My name was in print for the first time ever alongside an original piece poetry this year. The lovely folks at 404 Ink selected Filipina as part of their ‘F-Word’ themed issue 2 of the literary magazine. I have to admit I couldn’t quite hold back the tears when I got my copy of the magazine. I don’t think I’ll ever be able to really convey just how that felt to me. It’s not a book deal or heck even a sign up to an agent but it’s a start.
A start ignited, if you remember, by the wonderful Write Like A Grrrl course I did over a year and a half ago. Off the back of that, I packed my bags for a rather uncharacteristically sunny Manchester for GrrrlCon. What ensued was quite possibly the most magical weekend of writing and female empowerment I have ever witnessed to date. I couldn’t stop raving about how great it was to be in a room with some incredibly supportive female writers and creators. The conversations on confidence and inner critics were open, honest, and frankly quite cathartic to have. I honestly wished I could just stay there for the end of time. I found it hard to sustain that feeling once away from that little writing community, but I’m hoping to make a fresh start on my writing goals in the new year.

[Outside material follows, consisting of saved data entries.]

(* Let $V\in\mathcal{R}$. For every generating sequence $(u_m)$ of $V$, the sequence $(\rho_{u_m})$ is nondecreasing, so $\lim_{m\to\infty}\rho_{u_m}$ exists in $[0,+\infty]$; moreover this limit is the same for all generating sequences of $V$ (in particular it equals $\lim_n\rho_{v_n}$ for the canonical generating sequence $(v_n)$ of $V$).
   Context: $\mathcal{F}$ is the set of finite words over $\{0,1\}$ that start and end with $0$. For a finite word $\alpha$, $Y(\alpha)$, $Z(\alpha)$ are the numbers of $1$s and $0$s in $\alpha$ and $\rho_\alpha=Y(\alpha)/Z(\alpha)$. For $u,v\in\mathcal{F}$, $u$ is built from $v$ if $u=v1^{a_1}v\cdots v1^{a_{q-1}}v$ for some $q\ge2$ and nonnegative integers $a_i$; it is built simply from $v$ if moreover $a_1=\dots=a_{q-1}$. A generating sequence is a sequence $(v_n)$ in $\mathcal{F}$ with $v_0=0$ and each $v_{n+1}$ built from $v_n$. An infinite word $V\in\{0,1\}^{\mathbb{N}}$ is a rank one word if there is a generating sequence $(v_n)$ with $V\upharpoonright\mathrm{lh}(v_n)=v_n$ for all $n$; $\mathcal{R}$ is the set of rank one words that are aperiodic (nondegenerate). $V$ is built from $v\in\mathcal{F}$ if $V=v1^{a_1}v1^{a_2}v\cdots$ for nonnegative integers $a_i$. An element $v\in\mathcal{F}$ belongs to the canonical generating sequence of $V$ if $V$ is built from $v$ and there are no $u,w\in\mathcal{F}$ with $\mathrm{lh}(u)<\mathrm{lh}(v)<\mathrm{lh}(w)$, $V$ built from both $u$ and $w$, $w$ built from $u$, $u$ built from $v$, and $w$ built simply from $u$; these elements, listed by increasing length, form a generating sequence of $V$ (the canonical generating sequence). *)

From Stdlib Require Import Reals List Arith.
Import ListNotations.
Open Scope R_scope.

(* Finite words over {0,1}: list bool, with false = 0 and true = 1. *)
Definition word := list bool.

Definition Y (a : word) : nat := length (filter (fun b => b) a).
Definition Z (a : word) : nat := length (filter negb a).

Definition rho (a : word) : R := INR (Y a) / INR (Z a).

Definition inF (a : word) : Prop :=
  a <> [] /\ hd true a = false /\ last a true = false.

(* u is built from v: u = v 1^{a_1} v ... v 1^{a_{q-1}} v with q >= 2;
   the list as = [a_1; ...; a_{q-1}] is nonempty. *)
Definition built_from (u v : word) : Prop :=
  exists as_ : list nat, as_ <> [] /\
    u = v ++ concat (map (fun a => repeat true a ++ v) as_).

Definition generating_sequence (v : nat -> word) : Prop :=
  (forall n, inF (v n)) /\ v 0%nat = [false] /\
  (forall n, built_from (v (S n)) (v n)).

Definition infword := nat -> bool.

Definition is_prefix (w : word) (V : infword) : Prop :=
  forall i, (i < length w)%nat -> nth i w false = V i.

Definition gen_seq_of (V : infword) (v : nat -> word) : Prop :=
  generating_sequence v /\ forall n, is_prefix (v n) V.

Definition rank_one (V : infword) : Prop := exists v, gen_seq_of V v.

Definition aperiodic (V : infword) : Prop :=
  ~ exists p : nat, (0 < p)%nat /\ forall i, V (i + p)%nat = V i.

Definition in_calR (V : infword) : Prop := rank_one V /\ aperiodic V.

(* Convergence to a limit in [0,+oo]: None stands for +oo. *)
Definition cv_ext (u : nat -> R) (L : option R) : Prop :=
  match L with
  | Some l => Un_cv u l
  | None => cv_infty u
  end.

(* For a generating sequence (u_m) of V every u_{m+1} is built from u_m;
   such a word has at least twice as many 0s and a ratio of 1s to 0s at
   least as large, so (rho_{u_m}) is nondecreasing and Z(u_m) >= m+1.
   Iterating "built from", u_n is w ++ (1^a w)(1^b w)... for w = u_k with
   k <= n: a concatenation of copies of w separated by runs of 1s.  Any
   prefix p of such a word satisfies
       Y(w) Z(p) <= Z(w) Y(p) + Y(w) Z(w),
   i.e. rho_p >= rho_w - Y(w)/Z(p): only the last, partial copy of w can
   lower the ratio.  If (u_m) and (w_m) are two generating sequences of V,
   every u_n is a prefix of some w_m, so rho_{u_n} eventually exceeds
   rho_{w_k} - eps, and symmetrically.  Two nondecreasing sequences that
   eventually dominate each other up to eps have the same limit in
   [0,+oo]; the existence of that limit is monotone convergence. *)
From Pilot Require Import Defs.
From Stdlib Require Import Reals List Arith.
From Stdlib Require Import Lia Lra Classical.
Import ListNotations Defs.
Open Scope R_scope.

Lemma Y_app (a b : word) : Y (a ++ b) = (Y a + Y b)%nat.
Proof. unfold Y. rewrite filter_app, length_app. reflexivity. Qed.

Lemma Z_app (a b : word) : Z (a ++ b) = (Z a + Z b)%nat.
Proof. unfold Z. rewrite filter_app, length_app. reflexivity. Qed.

Lemma Y_repeat_true (a : nat) : Y (repeat true a) = a.
Proof. induction a as [|a IH]; unfold Y in *; simpl; lia. Qed.

Lemma Z_repeat_true (a : nat) : Z (repeat true a) = 0%nat.
Proof. induction a; simpl; auto. Qed.

Lemma Z_le_length (l : word) : (Z l <= length l)%nat.
Proof. induction l as [|[] l IH]; unfold Z in *; simpl; lia. Qed.

Lemma Z_firstn (k : nat) (l : word) : (Z (firstn k l) <= Z l)%nat.
Proof. rewrite <- (firstn_skipn k l) at 2. rewrite Z_app. lia. Qed.

Definition blocks (w : word) (as_ : list nat) : word :=
  concat (map (fun a => repeat true a ++ w) as_).

Lemma blocks_cons (w : word) (a : nat) (l : list nat) :
  blocks w (a :: l) = (repeat true a ++ w) ++ blocks w l.
Proof. reflexivity. Qed.

Lemma blocks_app (w : word) (l1 l2 : list nat) :
  blocks w (l1 ++ l2) = blocks w l1 ++ blocks w l2.
Proof. unfold blocks. rewrite map_app, concat_app. reflexivity. Qed.

Lemma Y_blocks (w : word) (as_ : list nat) :
  Y (blocks w as_) = (length as_ * Y w + list_sum as_)%nat.
Proof.
  induction as_ as [|a l IH]; simpl; auto.
  rewrite blocks_cons, !Y_app, Y_repeat_true, IH. lia.
Qed.

Lemma Z_blocks (w : word) (as_ : list nat) :
  Z (blocks w as_) = (length as_ * Z w)%nat.
Proof.
  induction as_ as [|a l IH]; simpl; auto.
  rewrite blocks_cons, !Z_app, Z_repeat_true, IH. lia.
Qed.

(* Blocks of a word that is itself w followed by blocks of w are blocks of w:
   this is what makes "built from" transitive. *)
Lemma blocks_of_blocks (w : word) (bs as_ : list nat) :
  blocks (w ++ blocks w bs) as_ = blocks w (concat (map (fun a => a :: bs) as_)).
Proof.
  induction as_ as [|a l IH]; simpl; auto.
  rewrite !blocks_cons, blocks_app, IH, !app_assoc. reflexivity.
Qed.

(* x is w followed by zero or more blocks of w: the reflexive-transitive
   closure of "built from". *)
Definition made_of (w x : word) : Prop := exists as_, x = w ++ blocks w as_.

Lemma made_of_refl (w : word) : made_of w w.
Proof. exists []. simpl. now rewrite app_nil_r. Qed.

Lemma made_of_built_from (w y x : word) :
  made_of w y -> built_from x y -> made_of w x.
Proof.
  intros [bs ->] [as_ [_ ->]].
  exists (bs ++ concat (map (fun a => a :: bs) as_)).
  fold (blocks (w ++ blocks w bs) as_).
  rewrite blocks_of_blocks, blocks_app, app_assoc. reflexivity.
Qed.

Lemma built_from_counts (x y : word) : built_from x y ->
  (2 * Z y <= Z x)%nat /\ (Z x * Y y <= Y x * Z y)%nat.
Proof.
  intros [as_ [Hne ->]]. fold (blocks y as_).
  rewrite Y_app, Z_app, Y_blocks, Z_blocks.
  destruct as_ as [|a l]; [congruence|]. simpl length. split; nia.
Qed.

(* The prefix bound: a prefix p of w (1^{a_1} w)... satisfies
   Y(w) Z(p) <= Z(w) Y(p) + Y(w) Z(w); every complete copy of w carries
   ratio rho_w, the runs of 1s only help, the partial copy costs Y(w) Z(w). *)
Lemma prefix_made_of_bound (w : word) (as_ : list nat) (N : nat) :
  let p := firstn N (w ++ blocks w as_) in
  (Y w * Z p <= Z w * Y p + Y w * Z w)%nat.
Proof.
  simpl. revert N; induction as_ as [|a l IH]; intros N.
  - simpl. rewrite app_nil_r. pose proof (Z_firstn N w). nia.
  - assert (E : w ++ blocks w (a :: l) = w ++ repeat true a ++ (w ++ blocks w l)).
    { rewrite blocks_cons, !app_assoc. reflexivity. }
    rewrite E. revert IH. generalize (w ++ blocks w l). intros r IH.
    rewrite !firstn_app, repeat_length.
    destruct (le_lt_dec N (length w)) as [Hle|Hlt].
    + replace (N - length w)%nat with 0%nat by lia. simpl.
      rewrite !app_nil_r. pose proof (Z_firstn N w). nia.
    + rewrite (firstn_all2 w) by lia.
      specialize (IH (N - length w - a)%nat).
      rewrite !Y_app, !Z_app.
      pose proof (Z_firstn (N - length w) (repeat true a)) as Hrun.
      rewrite Z_repeat_true in Hrun. nia.
Qed.

Lemma prefix_of_prefix (V : infword) (w x : word) :
  is_prefix w V -> is_prefix x V -> (length w <= length x)%nat ->
  w = firstn (length w) x.
Proof.
  intros Hw Hx Hl. apply nth_ext with (d := false) (d' := false).
  - rewrite length_firstn. lia.
  - intros i Hi. rewrite nth_firstn.
    replace (i <? length w)%nat with true by (symmetry; apply Nat.ltb_lt; lia).
    rewrite Hw, Hx; auto; lia.
Qed.

Lemma rho_nonneg (x : word) : 0 <= rho x.
Proof.
  unfold rho, Rdiv. destruct (Req_dec (INR (Z x)) 0) as [E|E].
  - rewrite E, Rinv_0. lra.
  - apply Rmult_le_pos; [apply pos_INR|]. left. apply Rinv_0_lt_compat.
    pose proof (pos_INR (Z x)). lra.
Qed.

Lemma rho_le_cross (a b : word) : (0 < Z a)%nat -> (0 < Z b)%nat ->
  (Z b * Y a <= Y b * Z a)%nat -> rho a <= rho b.
Proof.
  intros Ha Hb H. apply lt_0_INR in Ha, Hb. apply le_INR in H.
  rewrite !mult_INR in H. unfold rho.
  apply Rmult_le_reg_r with (INR (Z a) * INR (Z b)); [nra|].
  replace (INR (Y a) / INR (Z a) * (INR (Z a) * INR (Z b)))
    with (INR (Z b) * INR (Y a)) by (field; lra).
  replace (INR (Y b) / INR (Z b) * (INR (Z a) * INR (Z b)))
    with (INR (Y b) * INR (Z a)) by (field; lra).
  exact H.
Qed.

Lemma rho_lower_bound (w p : word) : (0 < Z w)%nat -> (0 < Z p)%nat ->
  (Y w * Z p <= Z w * Y p + Y w * Z w)%nat ->
  rho w - INR (Y w) / INR (Z p) <= rho p.
Proof.
  intros Hw Hp H. apply lt_0_INR in Hw, Hp. apply le_INR in H.
  rewrite plus_INR, !mult_INR in H. unfold rho.
  apply Rmult_le_reg_r with (INR (Z w) * INR (Z p)); [nra|].
  replace ((INR (Y w) / INR (Z w) - INR (Y w) / INR (Z p)) * (INR (Z w) * INR (Z p)))
    with (INR (Y w) * INR (Z p) - INR (Y w) * INR (Z w)) by (field; lra).
  replace (INR (Y p) / INR (Z p) * (INR (Z w) * INR (Z p)))
    with (INR (Z w) * INR (Y p)) by (field; lra).
  lra.
Qed.

Section GeneratingSequences.
Variable V : infword.

Lemma gen_seq_Z_lower (u : nat -> word) : gen_seq_of V u ->
  forall n, (S n <= Z (u n))%nat.
Proof.
  intros [[_ [H0 Hbuilt]] _] n. induction n.
  - rewrite H0. unfold Z. simpl. lia.
  - destruct (built_from_counts _ _ (Hbuilt n)). lia.
Qed.

Lemma gen_seq_made_of (u : nat -> word) : gen_seq_of V u ->
  forall k n, (k <= n)%nat -> made_of (u k) (u n).
Proof.
  intros [[_ [_ Hbuilt]] _] k n Hkn. induction Hkn.
  - apply made_of_refl.
  - eapply made_of_built_from; eauto.
Qed.

Lemma gen_seq_rho_growing (u : nat -> word) : gen_seq_of V u ->
  Un_growing (fun m => rho (u m)).
Proof.
  intros Hu n. pose proof (gen_seq_Z_lower u Hu n).
  pose proof (gen_seq_Z_lower u Hu (S n)).
  destruct Hu as [[_ [_ Hbuilt]] _].
  destruct (built_from_counts _ _ (Hbuilt n)) as [_ Hcross].
  apply rho_le_cross; lia.
Qed.

(* Every u_n is a prefix of some w_m made of w_k, so the prefix bound
   compares u_n with w_k for any two generating sequences of V. *)
Lemma gen_seq_cross_bound (u w : nat -> word) :
  gen_seq_of V u -> gen_seq_of V w -> forall k n,
  (Y (w k) * Z (u n) <= Z (w k) * Y (u n) + Y (w k) * Z (w k))%nat.
Proof.
  intros Hu Hw k n.
  set (m := Nat.max k (length (u n))).
  assert (Hlen : (length (u n) <= length (w m))%nat).
  { pose proof (gen_seq_Z_lower w Hw m). pose proof (Z_le_length (w m)).
    unfold m in *. lia. }
  rewrite (prefix_of_prefix V (u n) (w m)) by (apply Hu || apply Hw || exact Hlen).
  destruct (gen_seq_made_of w Hw k m) as [as_ ->]; [unfold m; lia|].
  apply prefix_made_of_bound.
Qed.

Lemma gen_seq_eventually_above (u w : nat -> word) :
  gen_seq_of V u -> gen_seq_of V w ->
  forall k eps, 0 < eps -> exists N, forall n, (N <= n)%nat ->
    rho (w k) - eps < rho (u n).
Proof.
  intros Hu Hw k eps Heps.
  destruct (INR_archimed eps (INR (Y (w k))) Heps) as [N HN].
  exists N. intros n Hn.
  pose proof (gen_seq_Z_lower u Hu n) as Hzu.
  pose proof (gen_seq_Z_lower w Hw k) as Hzw.
  assert (Hbound := rho_lower_bound (w k) (u n) ltac:(lia) ltac:(lia)
                      (gen_seq_cross_bound u w Hu Hw k n)).
  assert (Hz : 0 < INR (Z (u n))) by (apply lt_0_INR; lia).
  assert (HNz : INR N <= INR (Z (u n))) by (apply le_INR; lia).
  assert (INR (Y (w k)) / INR (Z (u n)) < eps).
  { apply Rmult_lt_reg_r with (INR (Z (u n))); [exact Hz|].
    unfold Rdiv. rewrite Rmult_assoc, Rinv_l by lra. nra. }
  lra.
Qed.

End GeneratingSequences.

Lemma growing_le (a : nat -> R) : Un_growing a ->
  forall n m, (n <= m)%nat -> a n <= a m.
Proof. intros H n m Hnm. pose proof (growing_prop a m n H Hnm). lra. Qed.

Lemma growing_has_ext_limit (b : nat -> R) : Un_growing b -> (forall n, 0 <= b n) ->
  exists L, (forall l, L = Some l -> 0 <= l) /\ cv_ext b L.
Proof.
  intros Hg H0.
  destruct (classic (has_ub b)) as [Hbd|Hunbd].
  - destruct (growing_cv b Hg Hbd) as [l Hl]. exists (Some l). split; [|exact Hl].
    intros l' E. injection E as <-.
    pose proof (growing_ineq b l Hg Hl 0%nat). specialize (H0 0%nat). lra.
  - exists None. split; [discriminate|]. intros M.
    apply NNPP. intros Hn. apply Hunbd. exists M. intros x [n ->].
    apply Rnot_lt_le. intros Hlt. apply Hn. exists n. intros m Hm.
    pose proof (growing_le b Hg n m Hm). lra.
Qed.

Lemma growing_same_ext_limit (a b : nat -> R) : Un_growing a -> Un_growing b ->
  (forall k eps, 0 < eps -> exists N, forall n, (N <= n)%nat -> b k - eps < a n) ->
  (forall k eps, 0 < eps -> exists N, forall n, (N <= n)%nat -> a k - eps < b n) ->
  forall L, cv_ext b L -> cv_ext a L.
Proof.
  intros Ga Gb Hab Hba [l|] Hb; simpl in *.
  - assert (Hle : forall n, a n <= l).
    { intros n. apply Rnot_lt_le. intros Hlt.
      destruct (Hba n ((a n - l) / 2)) as [N HN]; [lra|].
      specialize (HN N (le_n N)). pose proof (growing_ineq b l Gb Hb N). lra. }
    intros eps Heps. destruct (Hb (eps / 2)) as [K HK]; [lra|].
    specialize (HK K (le_n K)). unfold R_dist in HK.
    destruct (Hab K (eps / 2)) as [N HN]; [lra|].
    exists N. intros n Hn. unfold R_dist. specialize (HN n Hn). specialize (Hle n).
    apply Rabs_def1; apply Rabs_def2 in HK; lra.
  - intros M. destruct (Hb (M + 1)) as [K HK]. specialize (HK K (le_n K)).
    destruct (Hab K 1) as [N HN]; [lra|]. exists N. intros n Hn.
    specialize (HN n Hn). lra.
Qed.

Theorem mainTheorem3 (V : infword) (HV : in_calR V) :
  (forall u : nat -> word, gen_seq_of V u ->
     Un_growing (fun m => rho (u m))) /\
  (exists L : option R,
     (forall l, L = Some l -> 0 <= l) /\
     forall u : nat -> word, gen_seq_of V u ->
       cv_ext (fun m => rho (u m)) L).
Proof.
  destruct HV as [[v Hv] _]. split; [apply gen_seq_rho_growing|].
  destruct (growing_has_ext_limit (fun m => rho (v m))
              (gen_seq_rho_growing V v Hv) (fun m => rho_nonneg (v m)))
    as [L [HLnonneg HvL]].
  exists L. split; [exact HLnonneg|]. intros u Hu.
  apply (growing_same_ext_limit _ (fun m => rho (v m))).
  - exact (gen_seq_rho_growing V u Hu).
  - exact (gen_seq_rho_growing V v Hv).
  - exact (gen_seq_eventually_above V u v Hu Hv).
  - exact (gen_seq_eventually_above V v u Hv Hu).
  - exact HvL.
Qed.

Though I’ve ticked off some of the biggest bucket list items that I never thought would be possible, it’s been the smaller moments that I’ve really appreciated.
Exploring London and Cambridge with Erin, the quiet mornings spent writing in small Northern Quarter cafes before a packed day at GrrrlCon, seeing my sister turn 18 (and discovering she is quite a dancer at her birthday party), hearing the tower bells of Magdelene College on my first May Morning in Oxford, wine and pizza nights with my housemates, the geeky atmosphere of LFCC (and spotting Alison Hannigan at her signing booth), happy crying watching Kelly Marie Tran in Star Wars, hearing Gillian Anderson talk about feminism, enjoying my first snow day in years, watching more live poetry, spoken word and comedy, making a fool of myself dancing with my colleagues at work parties, watching Dan + Shay live in Birmingham, punting and pimms on a warm summer day, wandering around Amsterdam in the brisk winter sunshine with my family, evenings spent roaring with laughter with friends over stupid pub quiz questions.
As cheesy as it sounds those moments are the ones I’m carrying with me into 2018.
This whole post is packed with cliches and I’m sorry it’s been a bit of a ramble. (I’m a bit rusty on the blog writing front) So cheers to you for making it through. I’m actually taking a bit of a break at the start of the new year before leaping back into working (I’m calling it my makeshift writing/’Ria sorts her life out retreat’). Aside from a little 2018 resolutions blog post, I’ll guess see you on the other side!